>>
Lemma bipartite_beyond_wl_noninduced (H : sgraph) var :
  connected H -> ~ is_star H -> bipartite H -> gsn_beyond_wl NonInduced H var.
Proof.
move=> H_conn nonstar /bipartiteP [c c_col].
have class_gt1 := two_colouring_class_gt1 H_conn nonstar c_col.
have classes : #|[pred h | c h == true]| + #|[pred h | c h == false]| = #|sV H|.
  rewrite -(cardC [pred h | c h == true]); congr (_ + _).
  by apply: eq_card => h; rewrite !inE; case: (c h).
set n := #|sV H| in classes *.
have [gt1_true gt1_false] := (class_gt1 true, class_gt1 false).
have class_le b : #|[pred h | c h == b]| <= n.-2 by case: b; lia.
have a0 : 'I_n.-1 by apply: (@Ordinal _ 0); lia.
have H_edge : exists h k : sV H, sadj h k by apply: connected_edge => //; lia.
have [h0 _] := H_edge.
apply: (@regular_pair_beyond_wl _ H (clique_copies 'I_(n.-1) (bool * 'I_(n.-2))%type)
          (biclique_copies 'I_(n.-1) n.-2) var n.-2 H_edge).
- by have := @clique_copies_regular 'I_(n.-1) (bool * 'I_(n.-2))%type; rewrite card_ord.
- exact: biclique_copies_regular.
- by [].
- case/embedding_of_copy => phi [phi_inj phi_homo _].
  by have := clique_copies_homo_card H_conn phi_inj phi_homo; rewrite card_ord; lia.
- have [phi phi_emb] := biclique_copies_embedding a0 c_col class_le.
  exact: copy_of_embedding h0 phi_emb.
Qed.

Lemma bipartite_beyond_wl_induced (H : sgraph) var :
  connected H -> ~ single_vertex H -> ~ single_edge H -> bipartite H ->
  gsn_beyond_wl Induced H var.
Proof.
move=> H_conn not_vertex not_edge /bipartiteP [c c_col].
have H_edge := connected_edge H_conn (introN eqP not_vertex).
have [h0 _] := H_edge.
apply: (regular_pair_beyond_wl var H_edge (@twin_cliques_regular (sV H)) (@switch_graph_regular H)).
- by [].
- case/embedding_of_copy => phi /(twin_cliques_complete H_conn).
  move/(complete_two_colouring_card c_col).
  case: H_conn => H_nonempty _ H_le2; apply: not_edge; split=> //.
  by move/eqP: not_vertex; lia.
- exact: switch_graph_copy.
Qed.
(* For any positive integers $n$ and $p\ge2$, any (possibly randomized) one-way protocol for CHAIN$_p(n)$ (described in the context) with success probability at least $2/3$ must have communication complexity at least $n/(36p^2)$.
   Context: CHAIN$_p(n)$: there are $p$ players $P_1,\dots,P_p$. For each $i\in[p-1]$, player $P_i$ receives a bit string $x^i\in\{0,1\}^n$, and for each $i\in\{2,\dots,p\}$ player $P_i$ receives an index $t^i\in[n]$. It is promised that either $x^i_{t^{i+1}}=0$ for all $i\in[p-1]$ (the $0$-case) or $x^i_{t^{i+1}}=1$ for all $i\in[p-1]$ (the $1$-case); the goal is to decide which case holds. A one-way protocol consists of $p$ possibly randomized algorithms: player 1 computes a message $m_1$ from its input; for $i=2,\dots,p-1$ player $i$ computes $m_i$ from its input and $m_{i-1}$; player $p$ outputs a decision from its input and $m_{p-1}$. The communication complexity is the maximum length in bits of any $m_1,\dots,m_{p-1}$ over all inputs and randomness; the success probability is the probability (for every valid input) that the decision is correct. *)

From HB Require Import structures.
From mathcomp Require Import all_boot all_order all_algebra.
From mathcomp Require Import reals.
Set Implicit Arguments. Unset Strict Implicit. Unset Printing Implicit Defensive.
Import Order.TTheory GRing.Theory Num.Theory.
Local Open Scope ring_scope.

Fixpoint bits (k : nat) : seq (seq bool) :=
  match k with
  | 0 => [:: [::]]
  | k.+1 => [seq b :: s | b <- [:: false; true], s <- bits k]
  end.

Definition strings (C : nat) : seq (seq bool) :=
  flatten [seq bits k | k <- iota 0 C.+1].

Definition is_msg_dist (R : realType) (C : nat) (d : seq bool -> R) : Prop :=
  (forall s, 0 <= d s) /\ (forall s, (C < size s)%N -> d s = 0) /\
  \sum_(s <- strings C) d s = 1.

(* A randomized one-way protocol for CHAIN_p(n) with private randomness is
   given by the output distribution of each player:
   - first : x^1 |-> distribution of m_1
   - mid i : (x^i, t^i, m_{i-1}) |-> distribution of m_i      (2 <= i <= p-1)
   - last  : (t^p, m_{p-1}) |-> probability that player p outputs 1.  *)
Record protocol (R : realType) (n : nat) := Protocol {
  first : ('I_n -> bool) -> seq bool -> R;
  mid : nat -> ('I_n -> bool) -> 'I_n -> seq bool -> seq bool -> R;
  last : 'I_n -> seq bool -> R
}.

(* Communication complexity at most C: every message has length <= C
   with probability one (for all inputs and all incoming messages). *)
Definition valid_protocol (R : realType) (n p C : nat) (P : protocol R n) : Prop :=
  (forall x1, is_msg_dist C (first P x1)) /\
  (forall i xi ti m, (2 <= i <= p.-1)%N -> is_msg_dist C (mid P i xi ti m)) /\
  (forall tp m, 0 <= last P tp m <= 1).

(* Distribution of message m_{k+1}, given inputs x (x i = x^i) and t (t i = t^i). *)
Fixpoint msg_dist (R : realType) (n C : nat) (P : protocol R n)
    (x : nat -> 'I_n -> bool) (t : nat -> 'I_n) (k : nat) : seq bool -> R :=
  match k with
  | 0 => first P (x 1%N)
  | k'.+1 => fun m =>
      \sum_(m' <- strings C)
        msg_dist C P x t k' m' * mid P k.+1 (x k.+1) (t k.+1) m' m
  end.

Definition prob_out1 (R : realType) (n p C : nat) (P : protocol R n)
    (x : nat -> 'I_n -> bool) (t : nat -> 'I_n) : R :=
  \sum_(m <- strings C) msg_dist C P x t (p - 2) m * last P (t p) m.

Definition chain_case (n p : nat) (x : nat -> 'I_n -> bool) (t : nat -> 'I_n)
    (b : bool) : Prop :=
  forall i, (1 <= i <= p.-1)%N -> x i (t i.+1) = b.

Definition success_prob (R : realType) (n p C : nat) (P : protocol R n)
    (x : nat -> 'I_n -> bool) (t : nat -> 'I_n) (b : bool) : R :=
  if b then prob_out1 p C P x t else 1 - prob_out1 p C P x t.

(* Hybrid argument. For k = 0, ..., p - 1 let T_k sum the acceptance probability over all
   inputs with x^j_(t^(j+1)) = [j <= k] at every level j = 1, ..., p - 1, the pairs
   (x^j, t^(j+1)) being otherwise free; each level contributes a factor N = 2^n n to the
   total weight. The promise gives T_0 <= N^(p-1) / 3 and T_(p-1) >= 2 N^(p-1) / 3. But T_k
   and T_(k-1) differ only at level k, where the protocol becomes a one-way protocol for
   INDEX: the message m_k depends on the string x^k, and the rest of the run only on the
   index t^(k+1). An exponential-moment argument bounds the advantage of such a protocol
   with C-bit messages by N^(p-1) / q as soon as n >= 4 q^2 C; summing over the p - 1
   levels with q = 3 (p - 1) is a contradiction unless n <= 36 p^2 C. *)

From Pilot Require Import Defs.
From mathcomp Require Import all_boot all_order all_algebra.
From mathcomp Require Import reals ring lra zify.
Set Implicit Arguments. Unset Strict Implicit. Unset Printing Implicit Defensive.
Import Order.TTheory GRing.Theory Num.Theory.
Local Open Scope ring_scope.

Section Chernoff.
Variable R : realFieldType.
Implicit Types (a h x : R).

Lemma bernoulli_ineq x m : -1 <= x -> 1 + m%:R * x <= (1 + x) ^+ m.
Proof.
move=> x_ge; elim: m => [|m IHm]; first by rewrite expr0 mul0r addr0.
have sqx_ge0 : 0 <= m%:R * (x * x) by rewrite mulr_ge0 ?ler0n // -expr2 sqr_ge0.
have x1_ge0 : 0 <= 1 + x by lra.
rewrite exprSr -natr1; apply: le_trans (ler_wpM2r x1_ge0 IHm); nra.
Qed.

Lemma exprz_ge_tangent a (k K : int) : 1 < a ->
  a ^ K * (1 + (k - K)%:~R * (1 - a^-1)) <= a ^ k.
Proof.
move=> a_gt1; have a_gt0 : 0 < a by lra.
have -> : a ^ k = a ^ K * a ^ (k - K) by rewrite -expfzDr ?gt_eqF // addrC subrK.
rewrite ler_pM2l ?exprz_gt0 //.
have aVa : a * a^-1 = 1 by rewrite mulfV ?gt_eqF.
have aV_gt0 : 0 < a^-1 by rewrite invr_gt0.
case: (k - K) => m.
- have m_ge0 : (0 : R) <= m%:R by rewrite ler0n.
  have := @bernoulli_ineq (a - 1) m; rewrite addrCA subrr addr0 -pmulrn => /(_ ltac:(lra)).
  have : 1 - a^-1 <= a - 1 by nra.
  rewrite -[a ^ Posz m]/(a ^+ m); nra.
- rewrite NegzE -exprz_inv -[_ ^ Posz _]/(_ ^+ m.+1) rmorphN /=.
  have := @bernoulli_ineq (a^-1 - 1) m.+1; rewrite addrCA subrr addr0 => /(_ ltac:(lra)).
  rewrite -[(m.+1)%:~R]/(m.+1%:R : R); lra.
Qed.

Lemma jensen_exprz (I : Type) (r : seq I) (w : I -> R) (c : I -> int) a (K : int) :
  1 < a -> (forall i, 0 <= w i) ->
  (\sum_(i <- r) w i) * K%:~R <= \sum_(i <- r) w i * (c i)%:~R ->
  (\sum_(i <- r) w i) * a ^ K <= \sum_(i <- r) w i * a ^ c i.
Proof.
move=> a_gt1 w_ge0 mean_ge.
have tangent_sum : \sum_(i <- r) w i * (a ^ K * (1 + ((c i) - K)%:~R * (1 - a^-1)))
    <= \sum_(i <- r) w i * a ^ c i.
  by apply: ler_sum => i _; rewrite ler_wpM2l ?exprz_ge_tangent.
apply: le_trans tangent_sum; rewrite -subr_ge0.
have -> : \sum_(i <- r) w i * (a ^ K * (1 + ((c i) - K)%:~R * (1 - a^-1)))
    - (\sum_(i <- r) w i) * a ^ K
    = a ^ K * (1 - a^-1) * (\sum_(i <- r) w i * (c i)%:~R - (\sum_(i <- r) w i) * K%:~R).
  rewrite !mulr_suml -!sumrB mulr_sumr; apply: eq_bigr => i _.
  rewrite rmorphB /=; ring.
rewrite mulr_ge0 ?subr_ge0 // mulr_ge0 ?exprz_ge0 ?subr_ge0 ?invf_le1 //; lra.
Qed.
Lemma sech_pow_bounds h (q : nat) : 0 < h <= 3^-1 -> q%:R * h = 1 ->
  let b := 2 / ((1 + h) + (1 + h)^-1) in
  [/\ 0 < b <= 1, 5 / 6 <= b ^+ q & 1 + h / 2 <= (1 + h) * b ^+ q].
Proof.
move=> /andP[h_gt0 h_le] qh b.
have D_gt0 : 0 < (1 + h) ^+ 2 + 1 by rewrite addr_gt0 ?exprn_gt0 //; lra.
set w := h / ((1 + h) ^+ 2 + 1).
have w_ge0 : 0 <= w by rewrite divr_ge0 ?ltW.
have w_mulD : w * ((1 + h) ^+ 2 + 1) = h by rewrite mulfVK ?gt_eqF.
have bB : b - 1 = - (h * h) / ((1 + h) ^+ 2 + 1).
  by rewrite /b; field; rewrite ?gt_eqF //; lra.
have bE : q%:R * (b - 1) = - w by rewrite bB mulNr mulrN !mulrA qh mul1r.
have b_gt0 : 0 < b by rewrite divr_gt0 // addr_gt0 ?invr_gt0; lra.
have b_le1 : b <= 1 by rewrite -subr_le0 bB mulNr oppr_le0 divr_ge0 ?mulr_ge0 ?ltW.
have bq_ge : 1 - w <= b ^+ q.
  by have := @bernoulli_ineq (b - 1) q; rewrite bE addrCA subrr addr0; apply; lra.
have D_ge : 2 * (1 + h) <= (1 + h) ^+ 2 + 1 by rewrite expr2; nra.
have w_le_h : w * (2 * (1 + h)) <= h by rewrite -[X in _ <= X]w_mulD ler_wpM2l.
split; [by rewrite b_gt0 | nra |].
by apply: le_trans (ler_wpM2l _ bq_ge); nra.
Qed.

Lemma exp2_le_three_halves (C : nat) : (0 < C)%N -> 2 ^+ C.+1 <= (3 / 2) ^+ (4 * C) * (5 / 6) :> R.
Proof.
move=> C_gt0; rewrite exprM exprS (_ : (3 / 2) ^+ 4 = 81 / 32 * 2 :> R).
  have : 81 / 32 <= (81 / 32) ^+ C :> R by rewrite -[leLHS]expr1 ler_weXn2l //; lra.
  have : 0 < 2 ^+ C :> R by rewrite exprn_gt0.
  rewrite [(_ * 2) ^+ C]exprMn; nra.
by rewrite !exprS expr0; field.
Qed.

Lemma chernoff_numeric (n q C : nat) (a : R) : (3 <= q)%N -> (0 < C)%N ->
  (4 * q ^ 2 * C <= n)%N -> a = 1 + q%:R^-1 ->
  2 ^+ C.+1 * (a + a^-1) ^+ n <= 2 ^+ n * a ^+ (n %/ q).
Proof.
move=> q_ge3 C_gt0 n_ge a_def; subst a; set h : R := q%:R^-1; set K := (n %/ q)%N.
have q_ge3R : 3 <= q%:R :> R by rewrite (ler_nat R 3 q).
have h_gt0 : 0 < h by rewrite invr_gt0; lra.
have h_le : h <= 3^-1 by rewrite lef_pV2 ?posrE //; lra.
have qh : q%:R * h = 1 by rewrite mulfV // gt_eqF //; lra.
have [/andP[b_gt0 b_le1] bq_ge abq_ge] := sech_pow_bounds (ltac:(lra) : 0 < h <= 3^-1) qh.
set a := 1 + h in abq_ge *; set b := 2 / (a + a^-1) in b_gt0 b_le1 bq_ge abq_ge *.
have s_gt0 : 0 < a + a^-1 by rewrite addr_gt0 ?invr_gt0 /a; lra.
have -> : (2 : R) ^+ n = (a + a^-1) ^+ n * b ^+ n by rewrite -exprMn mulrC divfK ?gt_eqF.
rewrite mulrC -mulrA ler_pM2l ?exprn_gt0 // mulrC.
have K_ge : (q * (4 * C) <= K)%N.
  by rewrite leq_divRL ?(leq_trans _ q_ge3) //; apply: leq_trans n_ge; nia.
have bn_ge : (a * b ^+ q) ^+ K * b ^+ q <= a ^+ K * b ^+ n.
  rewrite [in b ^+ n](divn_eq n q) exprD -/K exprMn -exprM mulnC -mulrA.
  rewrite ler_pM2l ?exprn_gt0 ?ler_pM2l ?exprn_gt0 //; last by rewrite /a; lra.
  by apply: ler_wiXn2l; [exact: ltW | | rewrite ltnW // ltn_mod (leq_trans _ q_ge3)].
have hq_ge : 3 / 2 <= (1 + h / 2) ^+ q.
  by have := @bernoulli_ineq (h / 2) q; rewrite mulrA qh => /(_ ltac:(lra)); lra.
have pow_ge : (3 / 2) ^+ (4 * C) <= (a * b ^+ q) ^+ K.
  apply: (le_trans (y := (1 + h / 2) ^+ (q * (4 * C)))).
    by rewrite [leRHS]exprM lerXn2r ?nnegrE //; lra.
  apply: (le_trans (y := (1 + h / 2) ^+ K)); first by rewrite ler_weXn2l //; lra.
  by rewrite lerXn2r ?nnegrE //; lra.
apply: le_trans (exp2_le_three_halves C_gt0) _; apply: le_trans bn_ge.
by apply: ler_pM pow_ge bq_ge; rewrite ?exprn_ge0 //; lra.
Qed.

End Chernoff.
<<
EXERCISE BRIEF:
Where the word "subrr" appears in a line of the entries, copy that line.

ANSWER:
  have := @bernoulli_ineq (a - 1) m; rewrite addrCA subrr addr0 -pmulrn => /(_ ltac:(lra)).
  have := @bernoulli_ineq (a^-1 - 1) m.+1; rewrite addrCA subrr addr0 => /(_ ltac:(lra)).
  by have := @bernoulli_ineq (b - 1) q; rewrite bE addrCA subrr addr0; apply; lra.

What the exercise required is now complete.